How using your marketing department can maximize your valuation.
Last month, Mountain West Capital Network met for their annual Deal Flow conference where they gathered entrepreneurs and investors together and discussed all things Utah business related. And just like previous years, Fluid helped them create their Deal Flow book for attendees to take with them.
The book not only has a record of the previous year’s business tradings, but it also houses several articles from contributing members. This year, I had the privilege to submit my own article about the importance of marketing in a company’s potential value. But you don’t need a Deal Flow book of your own to read it. Below is exactly how I advised hundreds of financial professionals to help them grow their own business. Hope you enjoy!
MWCN Deal Flow
We’ve all heard that the average consumer sees 4,000 to 10,000 ads a day, whether they realize it or not. The Italian-branded coffee cup at a gas station. The Swiss Alps image on the side of a water bottle. The billboards and business signs on our commute to work. The sponsors on the radio. Even the organic posts in a social media feed – exposure to advertisements throughout our day is such a common event that we hardly even notice anymore. That’s also why it takes seeing an ad an average of seven to 20 times before we make a decision to purchase (unless it’s a great ad that sticks in your memory, of course).
That’s why you may want to reconsider if you think your company doesn’t need to invest in marketing.
Investing in your company’s marketing can really make a difference not only in your public presentation, but also in your year over year gross revenue as well as your stock value. We should know. Here at Fluid Advertising, we’ve seen the difference a little marketing can do in the overall growth of our clients’ businesses.
Marketing Brings in Customers
Emotion prompts a much stronger urge to buy than any rhyme, reason or logic. The efforts your company puts in toward understanding your customers – who they are, where they go, what they need and why they need it – and creating an ad that speaks directly to them can build a stronger conversion funnel than any efforts put toward an elevator pitch.
Not only that, but marketing spreads the word that you exist. The larger the audience you can build, the more revenue you can see in return. The more spending you invest in advertising, the larger the target becomes. But without any efforts put toward reaching that larger audience, how would you expect your business to grow?
Marketing isn’t just pretty colors and catchy slogans. It’s a strategic game plan to lay the groundwork for future growth. It’s a refined technique that identifies exactly who your customers are (their concerns, their motives, their backgrounds) in order to craft a message that lets them know you are the solution they’ve been searching for. It’s a mastered approach to develop who you are as a company and grow your value in the public’s eye.
Branding Builds Long-term Stability
In their article “Why Brand Building Is Important,” Forbes magazine explains the importance of brands right off the bat: “Brands are psychology and science brought together as a promise mark as opposed to a trademark.
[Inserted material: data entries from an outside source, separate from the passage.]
(* Let $0<R_{\rm id}<R_{\rm d}$, and let $\Omega$, $\Gamma_{\rm d}$, $\Gamma_{\rm id}$, $n$, $(\overline u,\overline q)$, $\omega^*$, $v(\omega)$, $\widehat v(\omega)$, $J'(\omega)$, the iteration $\omega_{k+1}=\omega_k-\rho_kJ'(\omega_k)$, $\mu_k=\omega^*-\omega_k$ and $C_j$ be as in the context. If for some $k$ the error has the finite Fourier expansion $\mu_k=\sum_{M\le|j|\le N}a_j^{(k)}e^{ij\theta}$ (integers $N\ge M\ge0$), then $$J'(\omega_k)=-\sum_{M\le|j|\le N}C_ja_j^{(k)}e^{ij\theta}\quad\text{on }\Gamma_{\rm id},$$ and consequently $\mu_{k+1}=\sum_{M\le|j|\le N}a_j^{(k+1)}e^{ij\theta}$ with $$a_j^{(k+1)}=(1-C_j\rho_k)\,a_j^{(k)}\qquad (M\le|j|\le N).$$
   Context: Setting: $0<R_{\rm id}<R_{\rm d}$; $\Omega=\{(x,y): R_{\rm id}^2<x^2+y^2<R_{\rm d}^2\}$ is an annulus with outer boundary $\Gamma_{\rm d}=\{x^2+y^2=R_{\rm d}^2\}$ and inner boundary $\Gamma_{\rm id}=\{x^2+y^2=R_{\rm id}^2\}$; $(r,\theta)$ are polar coordinates; $n$ is the unit outward normal to $\partial\Omega$ (so $\partial/\partial n=\partial/\partial r$ on $\Gamma_{\rm d}$ and $\partial/\partial n=-\partial/\partial r$ on $\Gamma_{\rm id}$). Given Cauchy data $(\overline u,\overline q)$ on $\Gamma_{\rm d}$. For a boundary value $\omega$ on $\Gamma_{\rm id}$, $v(\omega)$ denotes the solution of the primary problem $-\Delta v=0$ in $\Omega$, $\partial v/\partial n=\overline q$ on $\Gamma_{\rm d}$, $v=\omega$ on $\Gamma_{\rm id}$; $\widehat v(\omega)$ denotes the solution of the adjoint problem $-\Delta \widehat v=0$ in $\Omega$, $\partial\widehat v/\partial n=2(v(\omega)-\overline u)$ on $\Gamma_{\rm d}$, $\widehat v=0$ on $\Gamma_{\rm id}$; and $J'(\omega):=-\partial\widehat v(\omega)/\partial n|_{\Gamma_{\rm id}}$. The exact boundary value $\omega^*$ is assumed to exist, i.e. $v(\omega^* )|_{\Gamma_{\rm d}}=\overline u$. Starting from $\omega_0$ and step sizes $\rho_k>0$, the iteration is $\omega_{k+1}=\omega_k-\rho_kJ'(\omega_k)$ (with exact solution of the boundary value problems), and $\mu_k:=\omega^*-\omega_k$. For integers $j$, $$C_j:=\frac{8R_{\rm d}^{2|j|+1}R_{\rm id}^{2|j|-1}}{(R_{\rm id}^{2|j|}+R_{\rm d}^{2|j|})^2}.$$ Functions on $\Gamma_{\rm id}$ may be complex-valued; Fourier expansions are in $e^{ij\theta}$. *)

From Stdlib Require Import Reals Lra ZArith List.
Open Scope R_scope.

(** Complex numbers as pairs (real part, imaginary part). *)
Definition Cx := (R * R)%type.
Definition Cadd (z w : Cx) : Cx := (fst z + fst w, snd z + snd w).
Definition Copp (z : Cx) : Cx := (- fst z, - snd z).
Definition Csub (z w : Cx) : Cx := Cadd z (Copp w).
Definition Cmul (z w : Cx) : Cx :=
  (fst z * fst w - snd z * snd w, fst z * snd w + snd z * fst w).
Definition Cscale (r : R) (z : Cx) : Cx := (r * fst z, r * snd z).
Definition C0 : Cx := (0, 0).
Definition Cexpi (j : Z) (th : R) : Cx := (cos (IZR j * th), sin (IZR j * th)).

(** Finite Fourier sum  sum_{M <= |j| <= N} a_j e^{i j theta}. *)
Definition Zrange (N : nat) : list Z :=
  map (fun n => (Z.of_nat n - Z.of_nat N)%Z) (seq 0 (2 * N + 1)).
Definition fsum (M N : nat) (a : Z -> Cx) (th : R) : Cx :=
  fold_right (fun j acc => Cadd (Cmul (a j) (Cexpi j th)) acc) C0
    (filter (fun j => Z.leb (Z.of_nat M) (Z.abs j)) (Zrange N)).

Definition Cj (Rid Rd : R) (j : Z) : R :=
  8 * powerRZ Rd (2 * Z.abs j + 1) * powerRZ Rid (2 * Z.abs j - 1)
  / (powerRZ Rid (2 * Z.abs j) + powerRZ Rd (2 * Z.abs j)) ^ 2.

Definition annulus (Rid Rd : R) (x y : R) : Prop :=
  Rid ^ 2 < x ^ 2 + y ^ 2 < Rd ^ 2.
Definition cl_annulus (Rid Rd : R) (x y : R) : Prop :=
  Rid ^ 2 <= x ^ 2 + y ^ 2 <= Rd ^ 2.

Definition cont_on (D : R -> R -> Prop) (u : R -> R -> R) : Prop :=
  forall x y, D x y -> forall eps, eps > 0 -> exists del, del > 0 /\
    forall x' y', D x' y' -> Rabs (x' - x) < del -> Rabs (y' - y) < del ->
      Rabs (u x' y' - u x y) < eps.

Definition C2_harmonic (D : R -> R -> Prop) (u : R -> R -> R) : Prop :=
  exists ux uy uxx uxy uyx uyy : R -> R -> R,
    (forall x y, D x y ->
       derivable_pt_lim (fun t => u t y) x (ux x y) /\
       derivable_pt_lim (fun t => u x t) y (uy x y) /\
       derivable_pt_lim (fun t => ux t y) x (uxx x y) /\
       derivable_pt_lim (fun t => ux x t) y (uxy x y) /\
       derivable_pt_lim (fun t => uy t y) x (uyx x y) /\
       derivable_pt_lim (fun t => uy x t) y (uyy x y) /\
       - (uxx x y + uyy x y) = 0) /\
    cont_on D u /\ cont_on D ux /\ cont_on D uy /\ cont_on D uxx /\
    cont_on D uxy /\ cont_on D uyx /\ cont_on D uyy.

(** Normal derivative (outward normal) of a real function at the point of
    angle th on Gamma_d: d/dr, one-sided limit from inside Omega. *)
Definition dn_outer_R (Rid Rd : R) (u : R -> R -> R) (th l : R) : Prop :=
  limit1_in
    (fun r => (u (r * cos th) (r * sin th) - u (Rd * cos th) (Rd * sin th)) / (r - Rd))
    (fun r => Rid <= r < Rd) l Rd.

(** Normal derivative (outward normal) on Gamma_id: -d/dr, one-sided limit
    from inside Omega. *)
Definition dn_inner_R (Rid Rd : R) (u : R -> R -> R) (th l : R) : Prop :=
  limit1_in
    (fun r => - ((u (r * cos th) (r * sin th) - u (Rid * cos th) (Rid * sin th)) / (r - Rid)))
    (fun r => Rid < r <= Rd) l Rid.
Products have life cycles. Brands outlive products. Brands convey a uniform quality, credibility and experience. Brands are valuable. Many companies put the value of their brand on their balance sheet” (Goodson, Scott. “Why Brand Building Is Important.” May 27, 2012. Forbes Magazine).
A well-recognized brand is one that people know off the top of their head: one that clearly communicates who the company is, what they do and why they make a difference in their customers’ lives. Maybe a company creates top-notch products, or employs people who have been experts in their field for decades. Their value as a company is in the eye of the consumer, and no one likes to spend money without knowing what they’re getting.
Let’s take Apple for example. Sure, everyone wants to be like them. But the reason why is because they know that consumers want to buy an Apple product. Does that mean that Microsoft or Dell or Sony haven’t balanced their budgets, designed fast-performing technology or offered the same reliability as their competitor? We won’t choose sides here. But we know that consumers are already familiar with Apple, for any number of reasons. And familiarity is a powerful emotion that’s hard to shake.
Exposure Attracts Investors
That connection between investing in your marketing and selling your company may sound like a stretch, but the truth is that it’s really not. Marketing strengthens your value as a business, both operationally and financially. By investing in a cohesive marketing campaign, you strengthen your brand. By building your brand awareness, you easily grow your sales. And by building your brand value, you naturally attract an audience – like investors.
Just like wary customers who are unsure of an unknown company’s quality, M&A investors are leery of a company whose future is unsure. Having a strong marketing team that has researched your customers, mapped an outreach strategy and executed a flawlessly emotional ad campaign signals to potential partners that you know where your future is heading.
For these reasons alone, an investment in your marketing efforts is an investment in your company’s growth.